◆ Working data
(* A pushout square in $\mathbf{MetCH_{sep}}$ all four of whose morphisms are embeddings is also a pullback square in $\mathbf{MetCH_{sep}}$.
   Context: A metric on a set $X$ is a map $d\colon X\times X\to[0,\infty]$ with $d(x,x)=0$ and $d(x,z)\le d(x,y)+d(y,z)$ (not necessarily symmetric, $\infty$ allowed); separated means $d(x,y)=0=d(y,x)$ implies $x=y$. A separated metric compact Hausdorff space is a compact Hausdorff space with a separated metric $d\colon X\times X\to[0,\infty]$ continuous with respect to the upper topology on $[0,\infty]$ (open sets $]u,\infty]$, plus $\emptyset$ and $[0,\infty]$). $\mathbf{MetCH_{sep}}$: these spaces with continuous non-expansive maps as morphisms. An embedding is an injective morphism $f$ with $d_X(x,y)=d_Y(f(x),f(y))$ for all $x,y$. *)

From HB Require Import structures.
From mathcomp Require Import all_boot all_order all_algebra.
From mathcomp Require Import all_classical all_reals topology.
Set Implicit Arguments. Unset Strict Implicit. Unset Printing Implicit Defensive.
Import Order.TTheory GRing.Theory Num.Theory.
Local Open Scope classical_set_scope.
Local Open Scope ring_scope.
Local Open Scope ereal_scope.

(* A separated metric compact Hausdorff space: a compact Hausdorff space with a
   separated (possibly non-symmetric, possibly infinite) metric
   d : X * X -> [0, oo] that is continuous for the upper topology on [0, oo],
   i.e. the preimage of every ]u, oo] is open in X * X. *)
Record is_metCH_sep (R : realType) (T : topologicalType) (d : T -> T -> \bar R)
  : Prop := {
  mch_hausdorff : hausdorff_space T;
  mch_compact : compact [set: T];
  mch_ge0 : forall x y, 0 <= d x y;
  mch_refl : forall x, d x x = 0;
  mch_triangle : forall x y z, d x z <= d x y + d y z;
  mch_sep : forall x y, d x y = 0 -> d y x = 0 -> x = y;
  mch_cont : forall u : \bar R, 0 <= u ->
     open [set p : T * T | u < d p.1 p.2] }.

Record MetCH_sep (R : realType) := MkMetCH {
  mcarrier :> topologicalType;
  mdist : mcarrier -> mcarrier -> \bar R;
  mprop : is_metCH_sep mdist }.

Section Defs.
Variable R : realType.

Definition morph (X Y : MetCH_sep R) (f : X -> Y) : Prop :=
  continuous f /\ forall x y, mdist (f x) (f y) <= mdist x y.

Definition embedding (X Y : MetCH_sep R) (f : X -> Y) : Prop :=
  morph f /\ injective f /\ forall x y, mdist (f x) (f y) = mdist x y.

Definition comm_square (A B C D : MetCH_sep R)
  (f : A -> B) (g : A -> C) (h : B -> D) (k : C -> D) : Prop :=
  [/\ morph f, morph g, morph h, morph k & h \o f = k \o g].

Definition is_pushout (A B C D : MetCH_sep R)
  (f : A -> B) (g : A -> C) (h : B -> D) (k : C -> D) : Prop :=
  comm_square f g h k /\
  forall (E : MetCH_sep R) (p : B -> E) (q : C -> E),
    morph p -> morph q -> p \o f = q \o g ->
    exists! u : D -> E, [/\ morph u, u \o h = p & u \o k = q].

Definition is_pullback (A B C D : MetCH_sep R)
  (f : A -> B) (g : A -> C) (h : B -> D) (k : C -> D) : Prop :=
  comm_square f g h k /\
  forall (E : MetCH_sep R) (p : E -> B) (q : E -> C),
    morph p -> morph q -> h \o p = k \o q ->
    exists! u : E -> A, [/\ morph u, f \o u = p & g \o u = q].

End Defs.

(* Given [h b = k c], we find [a] with [f a = b] and [g a = c] by testing the
   pushout against the gluing of [B] and [C] along [A]: the set [B] together
   with the points of [C] outside [g A], with the final topology of the two
   inclusions and the distance [inf_a d(x, f a) + d(g a, y)] between [x] in [B]
   and [y] in [C].  Since [f] and [g] are embeddings and [A] is compact, this
   is again a separated metric compact Hausdorff space (Hausdorffness also uses
   the injectivity of [h] and [k]), and there [b] and [c] are identified only
   if they come from a point of [A].  The map into [A] so
   obtained is non-expansive since [f] is isometric, and continuous since [f]
   is a closed embedding. *)

From HB Require Import structures.
From mathcomp Require Import all_boot all_order all_algebra.
From mathcomp Require Import all_classical all_reals topology ereal normedtype lra.
Set Implicit Arguments. Unset Strict Implicit. Unset Printing Implicit Defensive.
Import Order.TTheory GRing.Theory Num.Theory.
Local Open Scope classical_set_scope.
Local Open Scope ring_scope.

Section ereal_semicontinuity.
Context {R : realType}.
Local Open Scope ereal_scope.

◆ Task
Across the records, how many lines carry the word "also"? The answer should be a number alone.

◆ Result of this exercise
2